Was muss ich machen damit das geht? Wenn nötig lass ich mir mein Key auch zertifizieren. Nur wo? Und  was muss ich dann genau machen, sodass der User einfach nur das Applet aufruft ohne irgendwelche keys in seinem keystore verifizieren zu müssen :autsch:? Ich bin Ratlos. 

Gruß


----------



## Guest2 (10. Sep 2010)

Moin,

dafür solltest Du dein Applet nicht signieren. Besser ist es, den FileOpenService zu nutzen. Dann muss Dein Applet nicht signiert sein, Du brauchst kein Zertifikat und der Nutzer muss keine Angst vor Deinem Applet haben, da das Applet eben nur Zugriff auf genau diese eine Datei bekommt.

Siehe z.B. hier (incl. Beispiel Applet).

Gruß,
Fancy


----------



## Quasar (10. Sep 2010)

Vielen vielen Dank!


----------



## Quasar (11. Sep 2010)

Für jeden der die selben anfänglichen Probleme hat. 
So habe ich es jetzt zum Laufen gebracht!
Ich habe die Jar Datei signiert. Dabei müssen die keys nicht zertifiziert sein. Es reicht sie mit dem -selfcert flag zu generieren.  

Wie generiere ich selbst zertifizierte keys -> SSL mit Tomcat (mit JSSE) (-validity noch mit einbauen und in Tagen angeben, sonst nur 90 Tage gültig) 
Wie signiere ich die jar Datei -> Sign the JAR File (The Java™ Tutorials > Security Features in Java SE > Exchanging Files) (Namen und Passwörter sind hier natürlich aus dem ersten Beispiel zu nehmen :rtfm: )

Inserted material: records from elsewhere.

Lemma kernel_list_coloring (N : nat) (U : {set V}) (L : V -> {set 'I_N.+1}) :
  U \subset E -> (forall e, e \in U -> #|[set f in U | dom e f]| < #|L e|) ->
  exists col : V -> 'I_N.+1, (forall e, e \in U -> col e \in L e) /\ proper_on U col.
Proof.
have [n] := ubnP #|U|; elim: n U L => // n IH U L ltUn sUE HL.
have [->|[e0 e0U]] := set_0Vmem U.
  by exists (fun _ => ord0); split => [e|e f]; rewrite in_set0.
have [c cL] : exists c, c \in L e0 by apply/card_gt0P; apply: leq_ltn_trans (HL _ e0U).
set W := [set e in U | c \in L e].
have sWU : W \subset U by apply/subsetP => e; rewrite inE => /andP [].
have [K kerK] := kernels (subset_trans sWU sUE).
have [sKW Kind Kabs] := kerK.
have [k0 k0K] : exists k0, k0 \in K.
  have [e0K|e0K] := boolP (e0 \in K); first by exists e0.
  have e0W : e0 \in W :\: K by rewrite !inE e0K e0U cL.
  by have [f fK _] := Kabs e0 e0W; exists f.
have sKU := subset_trans sKW sWU.
have [col' [col'L col'P]] : exists col' : V -> 'I_N.+1,
    (forall e, e \in U :\: K -> col' e \in L e :\ c) /\ proper_on (U :\: K) col'.
  apply: IH.
  - rewrite -ltnS (leq_trans _ ltUn) // ltnS proper_card //.
    apply/properP; split; first exact: subsetDl.
    by exists k0; rewrite ?inE ?k0K ?(subsetP sKU).
  - exact: subset_trans (subsetDl U K) sUE.
  - move=> e eUK; apply: (kernel_outdegree_drop kerK eUK).
    by apply: HL; move: eUK; rewrite inE => /andP [].
exists (fun e => if e \in K then c else col' e); split.
- move=> e eU; case: ifPn => eK.
    by have := subsetP sKW _ eK; rewrite inE => /andP [].
  by have := col'L e; rewrite !inE eK eU => /(_ isT) /andP [].
- move=> e f eU fU ef; case: ifPn => eK; case: ifPn => fK.
  + by move: (Kind _ _ eK fK); rewrite ef.
  + by have := col'L f; rewrite !inE fK fU eq_sym => /(_ isT) /andP [].
  + by have := col'L e; rewrite !inE eK eU => /(_ isT) /andP [].
  + by apply: col'P; rewrite ?inE ?eK ?fK.
Qed.

End KernelListColoring.
End GraphColorings.

Section BipartiteEdgeColoring.
Variables (A B : finType) (r : A -> B -> bool).

Definition bip_edges : {set A * B} := [set e | r e.1 e.2].

Definition edge_adj (e f : A * B) := (e != f) && ((e.1 == f.1) || (e.2 == f.2)).

Lemma edge_adjC : symmetric edge_adj.
Proof. by move=> e f; rewrite /edge_adj eq_sym (eq_sym e.1) (eq_sym e.2). Qed.

Lemma edge_adjI : irreflexive edge_adj.
Proof. by move=> e; rewrite /edge_adj eqxx. Qed.

Lemma proper_on_inj (C : eqType) (U : {set A * B}) (k : A * B -> C) e f :
  proper_on edge_adj U k -> e \in U -> f \in U ->
  e.1 = f.1 \/ e.2 = f.2 -> k e = k f -> e = f.
Proof.
move=> kP eU fU ef kef; apply/eqP; apply: contraT => nef.
have /(kP e f eU fU) : edge_adj e f by rewrite /edge_adj nef; case: ef => ->; rewrite eqxx ?orbT.
by rewrite kef eqxx.
Qed.

Section KempeChain.
Variables (U : {set A * B}) (k : A * B -> nat) (al be : nat) (t0 : B).
Hypothesis kP : proper_on edge_adj U k.
Hypothesis t0_no_be : forall e, e \in U -> e.2 = t0 -> k e != be.
Hypothesis al_neq_be : al != be.

Definition colored (i : nat) e := (e \in U) && (k e == i).

Definition chain_step (b b' : B) := [exists a, colored be (a, b) && colored al (a, b')].

(* [in_chainB b]: an alternating walk from [b], entering A by a [be]-edge and
   leaving it by an [al]-edge, reaches [t0]; the Kempe chain at [t0] consists of
   the [al]/[be]-edges at the A-vertices [in_chainA]. *)
Definition in_chainB (b : B) := connect chain_step b t0.

Definition in_chainA (a : A) := [exists b, in_chainB b && colored al (a, b)].

Lemma chain_link e : e \in U -> (k e == al) || (k e == be) ->
  in_chainA e.1 = in_chainB e.2.
Proof.
case: e => a b /= eU /orP [/eqP kal|/eqP kbe]; apply/idP/idP.
- case/existsP => b' /andP [chb' /andP [b'U /eqP kb']].
  by have [<-] := proper_on_inj kP b'U eU (or_introl erefl) (etrans kb' (esym kal)).
- by move=> chb; apply/existsP; exists b; rewrite chb /colored eU kal eqxx.
- case/existsP => b' /andP [chb' alb']; apply: connect_trans chb'.
  by apply/connect1/existsP; exists a; rewrite alb' /colored eU kbe eqxx.
- case/connectP => -[/= _ bt0|b1 p /= /andP [stb1 pth] t0last].
    by have := t0_no_be eU (esym bt0); rewrite kbe eqxx.
  case/existsP: stb1 => a' /andP [/andP [a'U /eqP ka'] alb1].
  have [<-] := proper_on_inj kP a'U eU (or_intror erefl) (etrans ka' (esym kbe)).
  apply/existsP; exists b1; rewrite alb1 andbT.
  by apply/connectP; exists p.
Qed.

Definition in_pair (x : nat) := (x == al) || (x == be).

Definition swap_pair (x : nat) := if x == al then be else if x == be then al else x.

Lemma swap_pair_id x : ~~ in_pair x -> swap_pair x = x.
Proof. by rewrite /swap_pair negb_or => /andP [/negbTE -> /negbTE ->]. Qed.

Lemma swap_pairK : involutive swap_pair.
Proof.
move=> x; have [px|px] := boolP (in_pair x); last by rewrite !swap_pair_id.
have bal : (be == al) = false by rewrite eq_sym (negbTE al_neq_be).
by case/orP: px => /eqP ->; rewrite /swap_pair ?eqxx ?bal ?eqxx.
Qed.

Lemma in_pair_swap x : in_pair (swap_pair x) = in_pair x.
Proof.
have [px|px] := boolP (in_pair x); last by rewrite swap_pair_id // (negbTE px).
have bal : (be == al) = false by rewrite eq_sym (negbTE al_neq_be).
by case/orP: px => /eqP ->; rewrite /swap_pair /in_pair ?eqxx ?bal ?eqxx ?orbT.
Qed.

Definition swapped e := in_chainA e.1 && (e \in U).

Definition kempe e := if swapped e then swap_pair (k e) else k e.

Lemma in_pair_kempe e : in_pair (kempe e) = in_pair (k e).
Proof. by rewrite /kempe; case: ifP; rewrite ?in_pair_swap. Qed.

Lemma kempe_id e : ~~ in_pair (k e) -> kempe e = k e.
Proof. by rewrite /kempe => /swap_pair_id ->; case: ifP. Qed.

Lemma swapped_adj e f : e \in U -> f \in U -> edge_adj e f ->
  in_pair (k e) -> in_pair (k f) -> swapped e = swapped f.
Proof.
move=> eU fU /andP [_ /orP [/eqP ef|/eqP ef]] pe pf; rewrite /swapped eU fU !andbT.
  by rewrite ef.
by rewrite (chain_link eU pe) (chain_link fU pf) ef.
Qed.

Lemma kempe_proper : proper_on edge_adj U kempe.
Proof.
move=> e f eU fU ef; have kef := kP eU fU ef.
have [pe|pe] := boolP (in_pair (k e)); have [pf|pf] := boolP (in_pair (k f)).
- rewrite /kempe (swapped_adj eU fU ef pe pf).
  by case: swapped; rewrite ?(inj_eq (can_inj swap_pairK)).
- by apply: contraNneq pf => kef'; rewrite -in_pair_kempe -kef' in_pair_kempe.
- by apply: contraNneq pe => kef'; rewrite -in_pair_kempe kef' in_pair_kempe.
- by rewrite !kempe_id.
Qed.

Lemma kempe_t0 e : e \in U -> e.2 = t0 -> kempe e != al.
Proof.
move=> eU et0; have [kal|kal] := eqVneq (k e) al.
  have chA : in_chainA e.1.
    apply/existsP; exists t0.
    by rewrite /in_chainB connect0 /colored -et0 -surjective_pairing eU kal eqxx.
  by rewrite /kempe /swapped chA eU /swap_pair kal eqxx eq_sym.
by rewrite kempe_id // negb_or kal t0_no_be.
Qed.

Lemma kempe_fixed a : (forall e, e \in U -> e.1 = a -> k e != al) ->
  forall e, e.1 = a -> kempe e = k e.
Proof.
move=> noal e ea; rewrite /kempe /swapped ea.
suff /negbTE -> : ~~ in_chainA a by [].
apply/existsP => -[b /andP [_ /andP [abU /eqP kab]]].
by have := noal _ abU erefl; rewrite kab eqxx.
Qed.

Lemma kempe_range e : kempe e = k e \/ in_pair (kempe e).
Proof.
have [pe|pe] := boolP (in_pair (k e)); first by right; rewrite in_pair_kempe.
by left; apply: kempe_id.
Qed.

End KempeChain.

Section Konig.
Variable D : nat.
Hypothesis degA : forall a, #|[set b | r a b]| <= D.
Hypothesis degB : forall b, #|[set a | r a b]| <= D.

Lemma free_color_A (U : {set A * B}) (k : A * B -> nat) s t :
  U \subset bip_edges -> r s t -> (s, t) \notin U ->
  exists2 c, c < D & forall e, e \in U -> e.1 = s -> k e != c.
Proof.
move=> sUE rst stU.
have [|c cD kc] := @missing_value _ [set e in U | e.1 == s] k D.
  apply: leq_trans (degA s); apply: (@card_lt_injective_miss _ _ _ _ snd t).
  - by move=> [a1 b1] [a2 b2]; rewrite !inE /= => /andP [_ /eqP ->] /andP [_ /eqP ->] ->.
  - move=> e; rewrite !inE => /andP [eU /eqP <-].
    by have := subsetP sUE e eU; rewrite inE.
  - by rewrite inE.
  - move=> [a b]; rewrite inE /= => /andP [abU /eqP as_].
    by apply: contraNneq stU => <-; rewrite -as_.
by exists c => // e eU es; apply: kc; rewrite inE eU es eqxx.
Qed.

Lemma free_color_B (U : {set A * B}) (k : A * B -> nat) s t :
  U \subset bip_edges -> r s t -> (s, t) \notin U ->
  exists2 c, c < D & forall e, e \in U -> e.2 = t -> k e != c.
Proof.
move=> sUE rst stU.
have [|c cD kc] := @missing_value _ [set e in U | e.2 == t] k D.
  apply: leq_trans (degB t); apply: (@card_lt_injective_miss _ _ _ _ fst s).
  - by move=> [a1 b1] [a2 b2]; rewrite !inE /= => /andP [_ /eqP ->] /andP [_ /eqP ->] ->.
  - move=> e; rewrite !inE => /andP [eU /eqP <-].
    by have := subsetP sUE e eU; rewrite inE.
  - by rewrite inE.
  - move=> [a b]; rewrite inE /= => /andP [abU /eqP bt].
    by apply: contraNneq stU => <-; rewrite -bt.
by exists c => // e eU et; apply: kc; rewrite inE eU et eqxx.
Qed.
(* The edges between two consecutive levels l_t and l_{t+1} split into
   disjoint copies of the bipartite graph D: a copy is fixed by a "context"
   word g, and consists of the 4 words obtained by writing a letter a < 4 at
   the switched position p of g (level l_t) and the 7 words obtained by
   writing any letter b there (level l_{t+1}).  Since D is connected, a copy
   that contains no edge of the cut E(S, V \ S) lies entirely inside or
   entirely outside S, and then 7 |S ∩ copy ∩ l_t| = 4 |S ∩ copy ∩ l_{t+1}|;
   every other ("mixed") copy contributes a cut edge, and distinct copies
   contribute distinct edges.  Summing over copies gives, with x_t = |S ∩ l_t|
   and M_t the number of mixed copies of layer t,
       |7 x_t - 4 x_{t+1}| <= 28 M_t,    sum_t M_t <= |E(S, V \ S)|,
   while |l_{t+1}| = 7/4 |l_t|.  A purely analytic argument then turns these
   relations into the bound: the densities x_t / |l_t| vary by at most
   4 M_t / |l_0| per layer, sigma is their weighted average, and
   |V| <= 7/3 |l_0| (7/4)^k. *)

Lemma validP k (i : 'I_k.+1) (w : {ffun 'I_k -> 'I_7}) :
  reflect (forall s : 'I_k, (s < k - i)%N -> (w s < 4)%N) (validV (i, w)).
Proof.
apply: (iffP forallP) => H s; first by move/implyP: (H s).
by apply/implyP; exact: H.
Qed.

Lemma Dedge_cover (b : 'I_7) : Dedge 0 b || Dedge 3 b.
Proof. by case: b => [[|[|[|[|[|[|[|b]]]]]]] hb]. Qed.

Lemma Dedge_out (a : 'I_7) : (a < 4)%N -> exists b : 'I_7, Dedge a b.
Proof.
case: a => [[|[|[|[|a]]]] ha] //= _.
- by exists ord0.
- by exists (Ordinal (isT : 2 < 7)).
- by exists (Ordinal (isT : 1 < 7)).
- by exists ord0.
Qed.

(* D is connected: a 2-colouring (P on outputs, Q on products) that agrees
   along every edge is constant. *)
Lemma Strassen_connected (P Q : 'I_7 -> bool) :
  (forall a b : 'I_7, (a < 4)%N -> Dedge a b -> P a = Q b) ->
  (forall a : 'I_7, (a < 4)%N -> P a = P ord0) /\ (forall b : 'I_7, Q b = P ord0).
Proof.
move=> E; pose m3 : 'I_7 := Ordinal (isT : 3 < 7).
have hQ b : Q b = P ord0.
  have P30 : P m3 = P ord0 by rewrite (E m3 ord0) // -(E ord0 ord0).
  by case/orP: (Dedge_cover b) => hb; [rewrite -(E ord0 b) | rewrite -P30 -(E m3 b)].
split=> // a ha; have [b hb] := Dedge_out ha.
by rewrite (E a b) // hQ.
Qed.

Lemma card_lt4 : #|[set a : 'I_7 | (a < 4)%N]| = 4.
Proof. by rewrite -sum1dep_card big_mkcond !big_ord_recl big_ord0. Qed.

Lemma copy_balance (P Q : 'I_7 -> bool) :
  (forall a b : 'I_7, (a < 4)%N -> Dedge a b -> P a = Q b) ->
  7 * #|[set a : 'I_7 | (a < 4)%N && P a]| = 4 * #|[set b : 'I_7 | Q b]|.
Proof.
case/Strassen_connected => hP hQ.
have eA c : P ord0 = c -> [set a : 'I_7 | (a < 4)%N && P a] = [set a : 'I_7 | (a < 4)%N && c].
  by move=> <-; apply/setP => a; rewrite !inE; case ha: (a < 4)%N => //; rewrite hP.
have eB c : P ord0 = c -> [set b : 'I_7 | Q b] = [set b : 'I_7 | c].
  by move=> <-; apply/setP => b; rewrite !inE hQ.
case c: (P ord0); rewrite (eA _ c) (eB _ c).
  rewrite (eq_card (B := [set a : 'I_7 | (a < 4)%N])) => [|a]; last by rewrite !inE andbT.
  by rewrite card_lt4 cardsT card_ord.
by rewrite !eq_card0 // => a; rewrite !inE ?andbF.
Qed.

Lemma copy_bound (P Q : 'I_7 -> bool) (m : bool) :
  (~~ m -> forall a b : 'I_7, (a < 4)%N -> Dedge a b -> P a = Q b) ->
  let x := #|[set a : 'I_7 | (a < 4)%N && P a]| in let y := #|[set b : 'I_7 | Q b]| in
  7 * x <= 4 * y + 28 * m /\ 4 * y <= 7 * x + 28 * m.
Proof.
case: m => [_ | /(_ isT) /copy_balance E] /=; last by rewrite !muln0 !addn0 E.
have hx : #|[set a : 'I_7 | (a < 4)%N && P a]| <= #|[set a : 'I_7 | (a < 4)%N]|.
  by apply/subset_leq_card/subsetP => a; rewrite !inE => /andP [].
have hy : #|[set b : 'I_7 | Q b]| <= #|'I_7| by exact: max_card.
rewrite card_lt4 in hx; rewrite card_ord in hy.
rewrite muln1; split; apply: leq_trans (leq_addl _ _).
  exact: (leq_mul (leqnn 7) hx).
exact: (leq_mul (leqnn 4) hy).
Qed.

Section Layers.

Das eigentlich Problem war allerdings die JFileChooser Komponente. Nicht nur das das Dialogfenster unterirdisch hässlich ist, es macht auch nur Probleme. Jedenfalls für einen Frischling wie mich. 
Die Lösung war statt des JFileChoosers den *FileDialog* zu benutzen! 
Es öffnet sich ein Dialogfenster so wie man es gewohnt ist. Sogar im Browser. 
Einziger Nachteil. Die Filter funktionieren nicht gut. Ist aber verglichen mit den Problemen die der JFileChooser bringt halb so wild. Die Extensions kann man danach noch kontrollieren und entsprechend reagieren. 

Gruß


----------



## L-ectron-X (11. Sep 2010)

Zum Signieren gibts bereits einen FAQ-Beitrag...


----------



## Atze (11. Sep 2010)

aber ich finds gut, dass er seine lösung vollständig für die allgemeinheit verewigt hat!!!


----------



## L-ectron-X (11. Sep 2010)

Das schon, ich wollte auch nur anregen, ab und an mal zu einem Problem die FAQs zu konsultieren.


----------